TASK DIRECTIONS — Beginning with the line that contains "Variables (R : realType)", output each line below exactly through the last one, both included, and nothing else.
--- PROVIDED DATA Enclosed Below ---
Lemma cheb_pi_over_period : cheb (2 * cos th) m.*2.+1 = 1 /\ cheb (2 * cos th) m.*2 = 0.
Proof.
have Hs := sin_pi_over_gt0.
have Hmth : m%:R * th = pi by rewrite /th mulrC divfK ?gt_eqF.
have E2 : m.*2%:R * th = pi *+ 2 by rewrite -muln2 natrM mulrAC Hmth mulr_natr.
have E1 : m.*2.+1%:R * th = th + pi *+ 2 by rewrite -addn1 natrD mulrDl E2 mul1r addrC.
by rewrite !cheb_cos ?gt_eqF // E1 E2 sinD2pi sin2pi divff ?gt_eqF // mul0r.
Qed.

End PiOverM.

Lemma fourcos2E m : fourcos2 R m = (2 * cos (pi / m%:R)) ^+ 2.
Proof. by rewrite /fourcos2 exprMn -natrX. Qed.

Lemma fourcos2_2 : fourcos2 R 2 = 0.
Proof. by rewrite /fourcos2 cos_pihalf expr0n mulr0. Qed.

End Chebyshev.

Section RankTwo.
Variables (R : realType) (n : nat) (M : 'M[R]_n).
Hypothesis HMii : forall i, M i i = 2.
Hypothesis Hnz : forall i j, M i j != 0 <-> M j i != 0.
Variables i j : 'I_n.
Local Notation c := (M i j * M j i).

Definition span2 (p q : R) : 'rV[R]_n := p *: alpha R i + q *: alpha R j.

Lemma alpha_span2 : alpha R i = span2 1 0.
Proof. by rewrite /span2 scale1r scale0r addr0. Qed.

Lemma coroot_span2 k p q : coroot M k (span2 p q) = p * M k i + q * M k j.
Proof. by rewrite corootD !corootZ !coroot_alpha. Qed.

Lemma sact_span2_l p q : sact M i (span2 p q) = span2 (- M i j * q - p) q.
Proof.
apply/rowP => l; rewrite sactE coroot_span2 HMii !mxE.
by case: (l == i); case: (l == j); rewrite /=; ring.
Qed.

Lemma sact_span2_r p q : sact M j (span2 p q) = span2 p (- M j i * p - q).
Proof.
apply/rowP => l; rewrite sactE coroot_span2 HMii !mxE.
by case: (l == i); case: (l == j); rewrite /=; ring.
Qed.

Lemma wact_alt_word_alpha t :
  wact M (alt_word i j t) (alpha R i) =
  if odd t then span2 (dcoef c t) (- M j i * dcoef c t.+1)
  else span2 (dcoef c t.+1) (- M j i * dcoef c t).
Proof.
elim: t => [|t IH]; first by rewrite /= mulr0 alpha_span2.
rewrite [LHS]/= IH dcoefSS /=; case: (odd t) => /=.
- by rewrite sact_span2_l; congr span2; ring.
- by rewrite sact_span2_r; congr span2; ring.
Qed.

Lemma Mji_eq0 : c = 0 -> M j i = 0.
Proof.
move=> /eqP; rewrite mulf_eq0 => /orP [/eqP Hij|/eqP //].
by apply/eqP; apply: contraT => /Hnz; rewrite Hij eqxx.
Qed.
--- End of Enclosed PROVIDED DATA ---
PROBLEM SOLUTION —
Variables (R : realType) (n : nat) (M : 'M[R]_n).
Hypothesis HMii : forall i, M i i = 2.
Hypothesis Hnz : forall i j, M i j != 0 <-> M j i != 0.
Variables i j : 'I_n.
Local Notation c := (M i j * M j i).

Definition span2 (p q : R) : 'rV[R]_n := p *: alpha R i + q *: alpha R j.

Lemma alpha_span2 : alpha R i = span2 1 0.
Proof. by rewrite /span2 scale1r scale0r addr0. Qed.

Lemma coroot_span2 k p q : coroot M k (span2 p q) = p * M k i + q * M k j.
Proof. by rewrite corootD !corootZ !coroot_alpha. Qed.

Lemma sact_span2_l p q : sact M i (span2 p q) = span2 (- M i j * q - p) q.
Proof.
apply/rowP => l; rewrite sactE coroot_span2 HMii !mxE.
by case: (l == i); case: (l == j); rewrite /=; ring.
Qed.

Lemma sact_span2_r p q : sact M j (span2 p q) = span2 p (- M j i * p - q).
Proof.
apply/rowP => l; rewrite sactE coroot_span2 HMii !mxE.
by case: (l == i); case: (l == j); rewrite /=; ring.
Qed.

Lemma wact_alt_word_alpha t :
  wact M (alt_word i j t) (alpha R i) =
  if odd t then span2 (dcoef c t) (- M j i * dcoef c t.+1)
  else span2 (dcoef c t.+1) (- M j i * dcoef c t).
Proof.
elim: t => [|t IH]; first by rewrite /= mulr0 alpha_span2.
rewrite [LHS]/= IH dcoefSS /=; case: (odd t) => /=.
- by rewrite sact_span2_l; congr span2; ring.
- by rewrite sact_span2_r; congr span2; ring.
Qed.

Lemma Mji_eq0 : c = 0 -> M j i = 0.
Proof.
move=> /eqP; rewrite mulf_eq0 => /orP [/eqP Hij|/eqP //].
by apply/eqP; apply: contraT => /Hnz; rewrite Hij eqxx.
Qed.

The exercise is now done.